Et puis voilà que, depuis quelques mois, le néolibéralisme connaît une véritable résurrection. Nous voici revenus à la situation antérieure ! Subitement, le poids de l’endettement consenti par les Etats pour sauver les banques sert de prétexte à un spectaculaire retournement de situation : les marchés et la spéculation financière reprennent le dessus et s’attaquent directement, au sein de l’Union européenne (UE), aux Etats accusés d’être "trop endettés" et "de vivre au-dessus de leurs moyens". Soutenus par les agences de notation (totalement discréditées pourtant au début de la crise de 2008), les marchés reprennent, avec plus de vigueur que jamais, leur crédo néolibéral et réclament maintenant, au nom de l’ "indispensable austérité", le démantèlement de la protection sociale et la réduction drastique des services publics.
Pour l’heure, la cible des nouveaux spéculateurs est l’euro, la monnaie unique européenne. Le Wall Street Journal a révélé que les plus importants responsables de "hedge funds" américains se seraient réunis le 8 février dernier à New York, dans un hôtel de Manhattan, et auraient décidé de se liguer pour faire chuter la monnaie européenne à 1 euro contre 1 dollar. L’euro valait alors 1,37 ; il vaut aujourd’hui 1,21 et continue de chuter...

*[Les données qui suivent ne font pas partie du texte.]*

(* Let $H$ be a Hilbert space and $\mathrm{Pos}$ the space of positive invertible bounded self-adjoint operators on $H$ with the Thompson metric and base point the identity $I$. Then the function identically $0$ is not a metric functional of $\mathrm{Pos}$, and every metric functional of $\mathrm{Pos}$ is nonconstant, in fact unbounded.
   Context: $\mathrm{Pos}$ is the set of bounded self-adjoint positive definite invertible operators on $H$ with the Thompson metric $d(p,q)=\sup_{v\in H,\|v\|=1}\left|\log\frac{(qv,v)}{(pv,v)}\right|$. Let $\mathrm{Hom}(\mathrm{Pos},\mathbb{R})$ be the set of $1$-Lipschitz functions $\mathrm{Pos}\to\mathbb{R}$ with the topology of pointwise convergence and $h_q(\cdot)=d(\cdot,q)-d(I,q)$ for $q\in\mathrm{Pos}$. Metric functionals are the elements of the closure of $\{h_q:q\in\mathrm{Pos}\}$ in $\mathrm{Hom}(\mathrm{Pos},\mathbb{R})$. *)

From HB Require Import structures.
From mathcomp Require Import all_boot all_order all_algebra.
From mathcomp Require Import all_classical all_reals.
From mathcomp Require Import exp.
From mathcomp Require Import complex.
Set Implicit Arguments. Unset Strict Implicit. Unset Printing Implicit Defensive.
Import Order.TTheory GRing.Theory Num.Theory.
Local Open Scope ring_scope.
Local Open Scope classical_set_scope.

Section Hilbert.
Variables (R : realType) (V : lmodType R[i]) (ip : V -> V -> R[i]).

Definition ipnorm (v : V) : R := Num.sqrt (complex.Re (ip v v)).

Definition is_hilbert : Prop :=
  [/\ (forall (a : R[i]) (x y z : V), ip (a *: x + y) z = a * ip x z + ip y z),
      (forall x y : V, ip y x = conjc (ip x y)),
      (forall x : V, x != 0 -> (0 < complex.Re (ip x x)) /\ complex.Im (ip x x) = 0),
      ip 0 0 = 0 &
      (forall u : nat -> V,
         (forall e : R, 0 < e -> exists N : nat, forall m n : nat,
             (N <= m)%N -> (N <= n)%N -> ipnorm (u m - u n) < e) ->
         exists l : V, forall e : R, 0 < e -> exists N : nat, forall n : nat,
             (N <= n)%N -> ipnorm (u n - l) < e)].

Definition bounded_linear (A : V -> V) : Prop :=
  (forall (a : R[i]) (x y : V), A (a *: x + y) = a *: A x + A y) /\
  exists C : R, forall x : V, ipnorm (A x) <= C * ipnorm x.

Definition self_adjoint (A : V -> V) : Prop :=
  forall x y : V, ip (A x) y = ip x (A y).

Definition invertible_op (A : V -> V) : Prop :=
  exists B : V -> V, bounded_linear B /\ cancel A B /\ cancel B A.

Definition Pos (A : V -> V) : Prop :=
  [/\ bounded_linear A, self_adjoint A,
      (forall v : V, v != 0 -> 0 < complex.Re (ip (A v) v)) & invertible_op A].

Definition thompson (p q : V -> V) : R :=
  sup [set r : R | exists v : V, ipnorm v = 1 /\
        r = `| ln (complex.Re (ip (q v) v) / complex.Re (ip (p v) v)) |].

Definition hfun (q : V -> V) : (V -> V) -> R :=
  fun p => thompson p q - thompson id q.

(* Hom(Pos, R): 1-Lipschitz functions on Pos (a function on Pos is
   represented by a function on all maps V -> V; only values on Pos matter). *)
Definition one_lipschitz (f : (V -> V) -> R) : Prop :=
  forall p q, Pos p -> Pos q -> `| f p - f q | <= thompson p q.

(* f lies in the closure of {h_q : q in Pos} for the topology of pointwise
   convergence on Pos: every basic neighbourhood (finitely many points of
   Pos, a tolerance e > 0) of f contains some h_q. *)
Definition in_ptws_closure_h (f : (V -> V) -> R) : Prop :=
  forall (n : nat) (xs : 'I_n -> (V -> V)) (e : R),
    (forall i, Pos (xs i)) -> 0 < e ->
    exists q, Pos q /\ forall i, `| hfun q (xs i) - f (xs i) | < e.

(* metric functionals: elements of the closure of {h_q} in Hom(Pos,R) *)
Definition metric_functional (f : (V -> V) -> R) : Prop :=
  one_lipschitz f /\ in_ptws_closure_h f.

End Hilbert.

(* On the unit sphere the scalar operators e^{s}I and e^{-s}I have constant quadratic forms, so
   for every q in Pos and every unit vector v, writing y = log (qv,v),
     d(I,q) + s = sup_v (|y| + s) = sup_v max(|y - s|, |y + s|) <= max(d(e^s I,q), d(e^{-s} I,q)).
   Hence for every q one of h_q(e^s I), h_q(e^{-s} I) is at least s.  A metric functional f is
   approximated at these two points, up to 1, by some h_q, so |f| exceeds s - 1 at one of them:
   f is unbounded, in particular nonconstant and not identically 0.  The suprema involved are
   finite because the quadratic form of an element of Pos is bounded above and away from 0 on the
   unit sphere (Cauchy-Schwarz for the form, applied to the operator and to its inverse). *)
From HB Require Import structures.
From mathcomp Require Import all_boot all_order all_algebra.
From mathcomp Require Import all_classical all_reals.
From mathcomp Require Import exp.
From mathcomp Require Import complex.
From mathcomp Require Import lra.
From mathcomp Require Import sequences.
Import Order.TTheory GRing.Theory Num.Theory.
Local Open Scope ring_scope.
Local Open Scope complex_scope.
Local Open Scope classical_set_scope.

Lemma ReD (R : realType) (x y : R[i]) : complex.Re (x + y) = complex.Re x + complex.Re y.
Proof. by case: x => a b; case: y. Qed.

Lemma ReMrealc (R : realType) (c : R) (z : R[i]) : complex.Re (c%:C * z) = c * complex.Re z.
Proof. by case: z => a b /=; rewrite mul0r subr0. Qed.

Lemma Re_conjc (R : realType) (z : R[i]) : complex.Re (conjc z) = complex.Re z.
Proof. by case: z. Qed.

Section InnerProduct.
Context {R : realType} {V : lmodType R[i]} {ip : V -> V -> R[i]}.
Hypothesis hH : is_hilbert ip.

Local Notation form A v := (complex.Re (ip (A v) v)).

Lemma ipDZl a x y z : ip (a *: x + y) z = a * ip x z + ip y z.
Proof. by case: hH. Qed.

Lemma ip0l z : ip 0 z = 0.
Proof. by have := ipDZl (-1) 0 0 z; rewrite scaler0 addr0 mulN1r addNr. Qed.

Lemma ipDZr a x y z : ip z (a *: x + y) = conjc a * ip z x + ip z y.
Proof. by case: hH => _ ipC _ _ _; rewrite ipC ipDZl rmorphD rmorphM /= -!ipC. Qed.

Lemma ip0r z : ip z 0 = 0.
Proof. by case: hH => _ ipC _ _ _; rewrite ipC ip0l conjc0. Qed.

Lemma ipZl a x z : ip (a *: x) z = a * ip x z.
Proof. by rewrite -[a *: x]addr0 ipDZl ip0l addr0. Qed.

Lemma ipZr a x z : ip z (a *: x) = conjc a * ip z x.
Proof. by rewrite -[a *: x]addr0 ipDZr ip0r addr0. Qed.

Lemma Re_ipC x y : complex.Re (ip y x) = complex.Re (ip x y).
Proof. by case: hH => _ ipC _ _ _; rewrite ipC Re_conjc. Qed.

Lemma Re_ip_gt0 x : x != 0 -> 0 < complex.Re (ip x x).
Proof. by case: hH => _ _ ip_pos _ _ /ip_pos []. Qed.

Lemma Re_ip_ge0 x : 0 <= complex.Re (ip x x).
Proof.
have [->|/Re_ip_gt0/ltW //] := eqVneq x 0.
by case: hH => _ _ _ -> _.
Qed.

Lemma ipnorm_ge0 x : 0 <= ipnorm ip x.
Proof. exact: sqrtr_ge0. Qed.

Lemma ipnorm_sqr x : ipnorm ip x ^+ 2 = complex.Re (ip x x).
Proof. by rewrite sqr_sqrtr // Re_ip_ge0. Qed.

Lemma ipnormZ (c : R) x : 0 <= c -> ipnorm ip (c%:C *: x) = c * ipnorm ip x.
Proof.
move=> c_ge0; rewrite /ipnorm ipZl ipZr conjc_real mulrA -rmorphM /= ReMrealc.
by rewrite sqrtrM ?mulr_ge0 // -expr2 sqrtr_sqr ger0_norm.
Qed.

Lemma ipnorm1_neq0 {v} : ipnorm ip v = 1 -> v != 0.
Proof.
apply: contra_eqN => /eqP ->.
by case: hH => _ _ _ ip00 _; rewrite /ipnorm ip00 /= sqrtr0 eq_sym oner_eq0.
Qed.

Lemma Re_ip_unit v : ipnorm ip v = 1 -> complex.Re (ip v v) = 1.
Proof. by move=> v1; rewrite -ipnorm_sqr v1 expr1n. Qed.

Lemma exists_unit_vector : (exists v : V, v != 0) -> exists u, ipnorm ip u = 1.
Proof.
case=> v /Re_ip_gt0; rewrite -sqrtr_gt0 => v_gt0.
exists ((ipnorm ip v)^-1%:C *: v).
by rewrite ipnormZ ?mulVf ?gt_eqF // invr_ge0 ltW.
Qed.

Definition linear_op (A : V -> V) :=
  forall (a : R[i]) (x y : V), A (a *: x + y) = a *: A x + A y.

Lemma linear_op0 A : linear_op A -> A 0 = 0.
Proof. by move=> /(_ (-1) 0 0); rewrite scaler0 addr0 scaleN1r addNr. Qed.

(* The discriminant of the nonnegative quadratic t |-> form A (x - t y), at t = Re(Ax,y)/form A y. *)
Lemma cauchy_schwarz_form {A} : linear_op A -> self_adjoint ip A ->
  (forall x, 0 <= form A x) ->
  forall x y, 0 < form A y -> complex.Re (ip (A x) y) ^+ 2 <= form A x * form A y.
Proof.
move=> A_lin A_sa A_ge0 x y Ay_gt0.
set a := form A x; set b := form A y; set r := complex.Re (ip (A x) y).
set t := r / b.
have tb : t * b = r by rewrite /t mulfVK // gt_eqF.
have : 0 <= a - 2 * t * r + t ^+ 2 * b.
  have := A_ge0 ((- t)%:C *: y + x).
  rewrite A_lin ipDZl !ipDZr conjc_real !ReD !ReMrealc !ReD !ReMrealc.
  have -> : complex.Re (ip (A y) x) = r by rewrite A_sa Re_ipC.
  by rewrite -/a -/b -/r; nra.
nra.
Qed.

Lemma Re_ip_le_ipnorm x {y} : ipnorm ip y = 1 -> complex.Re (ip x y) <= ipnorm ip x.
Proof.
move=> y1.
have := @cauchy_schwarz_form id (fun _ _ _ => erefl) (fun _ _ => erefl) Re_ip_ge0 x y.
rewrite /= Re_ip_unit // mulr1 -ipnorm_sqr => /(_ ltr01) cs.
have := ipnorm_ge0 x; nra.
Qed.

Lemma Pos_form_ge0 {q} : Pos ip q -> forall x, 0 <= form q x.
Proof.
move=> [[q_lin _] _ q_gt0 _] x.
have [->|/q_gt0/ltW //] := eqVneq x 0.
by rewrite linear_op0 // ip0l.
Qed.

Lemma Pos_form_ub {q} : Pos ip q -> exists C : R, forall v, ipnorm ip v = 1 -> form q v <= C.
Proof.
move=> [[_ [C qC]] _ _ _].
exists C => v v1.
by apply: le_trans (Re_ip_le_ipnorm _ v1) _; have := qC v; rewrite v1 mulr1.
Qed.

(* With w = q^-1 v, Cauchy-Schwarz gives 1 = Re(qv,w)^2 <= form q v * form q w
   and form q w = Re(w,v) <= |w| <= |q^-1|. *)
Lemma Pos_form_lb {q} : Pos ip q -> exists2 d : R, 0 < d & forall v, ipnorm ip v = 1 -> d <= form q v.
Proof.
move=> q_pos; case: (q_pos) => [[q_lin _] q_sa q_gt0 [B [[_ [CB BC]] [_ Bq]]]].
exists (`|CB| + 1)^-1; first by rewrite invr_gt0 ltr_pwDr.
move=> v v1; set w := B v.
have qw : q w = v by rewrite /w Bq.
have w_neq0 : w != 0.
  by apply: contra_neq _ (ipnorm1_neq0 v1) => w0; rewrite -qw w0 linear_op0.
have qw_gt0 := q_gt0 w w_neq0.
have cs := cauchy_schwarz_form q_lin q_sa (Pos_form_ge0 q_pos) v w qw_gt0.
rewrite q_sa qw Re_ip_unit // expr1n in cs.
have vw_le : complex.Re (ip v w) <= `|CB|.
  rewrite Re_ipC (le_trans (Re_ip_le_ipnorm _ v1)) //.
  by rewrite (le_trans (BC v)) // v1 mulr1 ler_norm.
have qv_ge0 := Pos_form_ge0 q_pos v.
rewrite -[_^-1]mulr1 ler_pdivrMl ?ltr_pwDr //.
have := normr_ge0 CB; nra.
Qed.

Definition scalar_op (c : R) : V -> V := fun v => c%:C *: v.

Lemma form_scalar_op c v : form (scalar_op c) v = c * complex.Re (ip v v).
Proof. by rewrite ipZl ReMrealc. Qed.

Lemma scalar_opM c d x : scalar_op c (scalar_op d x) = scalar_op (c * d) x.
Proof. by rewrite /scalar_op scalerA -rmorphM. Qed.

Lemma scalar_op1 x : scalar_op 1 x = x.
Proof. by rewrite /scalar_op rmorph1 scale1r. Qed.

Lemma bounded_linear_scalar_op c : 0 <= c -> bounded_linear ip (scalar_op c).
Proof.
move=> c_ge0; split; first by move=> a x y; rewrite /scalar_op scalerDr !scalerA mulrC.
by exists c => x; rewrite ipnormZ.
Qed.

Lemma Pos_scalar_op {c} : 0 < c -> Pos ip (scalar_op c).
Proof.
move=> c_gt0; split.
- exact/bounded_linear_scalar_op/ltW.
- by move=> x y; rewrite /scalar_op ipZl ipZr conjc_real.
- by move=> v /Re_ip_gt0 v_gt0; rewrite form_scalar_op mulr_gt0.
- exists (scalar_op c^-1); split; first by apply: bounded_linear_scalar_op; rewrite invr_ge0 ltW.
  by split=> x; rewrite scalar_opM ?mulVf ?mulfV ?gt_eqF // scalar_op1.
Qed.

Section Thompson.
Hypothesis V_nontrivial : exists v : V, v != 0.

Context {p q : V -> V} {c : R}.
Hypotheses (q_pos : Pos ip q) (c_gt0 : 0 < c).
Hypothesis p_form : forall v, ipnorm ip v = 1 -> form p v = c.

Let dist_set := [set r : R | exists v, ipnorm ip v = 1 /\ r = `|ln (form q v) - ln c|].

Lemma thompson_const_formE : thompson ip p q = sup dist_set.
Proof.
have [d d_gt0 d_le] := Pos_form_lb q_pos.
congr sup; apply/seteqP; split=> r [v [v1 ->]]; exists v; split => //;
  by rewrite p_form // lnM ?lnV ?posrE ?invr_gt0 // (lt_le_trans d_gt0) ?d_le.
Qed.

Lemma dist_set_neq0 : dist_set !=set0.
Proof. by have [u u1] := exists_unit_vector V_nontrivial; eexists; exists u. Qed.

Lemma ln_form_dist_le_thompson v :
  ipnorm ip v = 1 -> `|ln (form q v) - ln c| <= thompson ip p q.
Proof.
move=> v1; rewrite thompson_const_formE.
have [d d_gt0 d_le] := Pos_form_lb q_pos; have [C C_ge] := Pos_form_ub q_pos.
apply: sup_upper_bound; last by exists v.
split; first exact: dist_set_neq0.
exists (`|ln d| + `|ln C| + `|ln c|) => _ [w [w1 ->]].
have d_le_w := d_le w w1; have w_le_C := C_ge w w1.
have w_gt0 := lt_le_trans d_gt0 d_le_w.
have : ln d <= ln (form q w) <= ln C.
  by rewrite !ler_ln ?posrE ?d_le_w ?w_le_C // (lt_le_trans w_gt0).
move: (ln (form q w)) => y /andP[dy yC].
apply: le_trans (ler_normB _ _) _; rewrite lerD2r.
have := ler_norm (ln C); have := ler_norm (- ln d); rewrite normrN.
have := normr_ge0 (ln C); have := normr_ge0 (ln d).
have [y_ge0|y_lt0] := lerP 0 y; [rewrite (ger0_norm y_ge0) | rewrite (ltr0_norm y_lt0)]; lra.
Qed.

Lemma thompson_le_of_ln_form_dist M :
  (forall v, ipnorm ip v = 1 -> `|ln (form q v) - ln c| <= M) -> thompson ip p q <= M.
Proof.
move=> bound; rewrite thompson_const_formE.
by apply: ge_sup; [exact: dist_set_neq0 | move=> _ [v [v1 ->]]; exact: bound].
Qed.

End Thompson.

Lemma thompson_exp_scalar_op_max {q : V -> V} (s : R) :
  (exists v : V, v != 0) -> Pos ip q ->
  thompson ip id q + s <=
  Num.max (thompson ip (scalar_op (expR s)) q) (thompson ip (scalar_op (expR (- s))) q).
Proof.
move=> V_nt q_pos.
have exp_form t v : ipnorm ip v = 1 -> form (scalar_op (expR t)) v = expR t.
  by move=> v1; rewrite form_scalar_op Re_ip_unit ?mulr1.
rewrite -lerBrDr; apply: (thompson_le_of_ln_form_dist V_nt q_pos ltr01 Re_ip_unit) => v v1.
have := ln_form_dist_le_thompson V_nt q_pos (expR_gt0 s) (exp_form s) v v1.
have := ln_form_dist_le_thompson V_nt q_pos (expR_gt0 (- s)) (exp_form (- s)) v v1.
rewrite !expRK ln1 subr0 opprK.
move: (ln (form q v)) => y y_plus y_minus.
rewrite lerBrDr le_max; have [y_ge0|y_lt0] := lerP 0 y.
- rewrite ger0_norm //; apply/orP; right.
  by apply: le_trans y_plus; rewrite (le_trans _ (ler_norm _)).
- rewrite ltr0_norm //; apply/orP; left.
  apply: le_trans y_minus; rewrite -normrN (le_trans _ (ler_norm _)) //; lra.
Qed.

Lemma ptws_closure_h_unbounded f : (exists v : V, v != 0) -> in_ptws_closure_h ip f ->
  forall M : R, exists p, Pos ip p /\ M < `|f p|.
Proof.
move=> V_nt f_cl M; set s := M + 1.
pose xs (i : 'I_2) := scalar_op (expR (if i == ord0 then s else - s)).
have xs_pos i : Pos ip (xs i) by exact/Pos_scalar_op/expR_gt0.
have [q [q_pos q_approx]] := f_cl 2%N xs 1 xs_pos ltr01.
have f_big i : thompson ip id q + s <= thompson ip (xs i) q -> M < `|f (xs i)|.
  move=> T_le; have := q_approx i; rewrite /hfun ltr_distlC => /andP[f_gt _].
  by apply: lt_le_trans (ler_norm _); rewrite /s in T_le; lra.
have := thompson_exp_scalar_op_max s V_nt q_pos; rewrite le_max => /orP[].
- by move=> /(f_big ord0); exists (xs ord0).
- by move=> /(f_big ord_max); exists (xs ord_max).
Qed.

End InnerProduct.

Theorem proposition22 (R : realType) (V : lmodType R[i]) (ip : V -> V -> R[i])
  (hH : is_hilbert ip) (hnt : exists v : V, v != 0) :
  ~ metric_functional ip (fun _ => 0 : R) /\
  (forall f : (V -> V) -> R, metric_functional ip f ->
     (exists p q, Pos ip p /\ Pos ip q /\ f p <> f q) /\
     (forall M : R, exists p, Pos ip p /\ M < `| f p |)).
Proof.
have unbounded := ptws_closure_h_unbounded hH _ hnt.
split.
  by case=> _ /unbounded/(_ 0) [p [_]]; rewrite normr0 ltxx.
move=> f [_ /unbounded f_unbounded]; split => //.
have [p [p_pos f_gt]] := f_unbounded `|f (scalar_op 1)|.
exists p, (scalar_op 1); split => //; split; first exact: (Pos_scalar_op hH ltr01).
by move=> f_eq; move: f_gt; rewrite f_eq ltxx.
Qed.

Les Européens doivent-ils regretter la baisse actuelle de l’euro ? Non, car cette baisse est normale en période de faible conjoncture. Elle procure un supplément de croissance par les exportations, surtout à l’industrie et au tourisme européens, et peut sauver les pays du Sud (Grèce, Portugal, Espagne, Italie) en leur redonnant plus de compétitivité.
Sur le plan structurel, l’euro demeure fragile et plusieurs dirigeants en profitent pour proposer que les Etats de la zone euro abandonnent toute "crispation souverainiste" et acceptent d’aller vers un fédéralisme budgétaire dont le premier pas serait un « gouvernement économique ». Déjà, à lasuite de la crise de la dette souveraine de la Grèce, la Commission européenne a demandé à examiner le budget des Etats membres avant les Parlements nationaux. Berlin affirme que "la discipline de chacun devient le problème de tous" et que la Commission doit avoir le droit de surveiller les comptes des "Etats laxistes".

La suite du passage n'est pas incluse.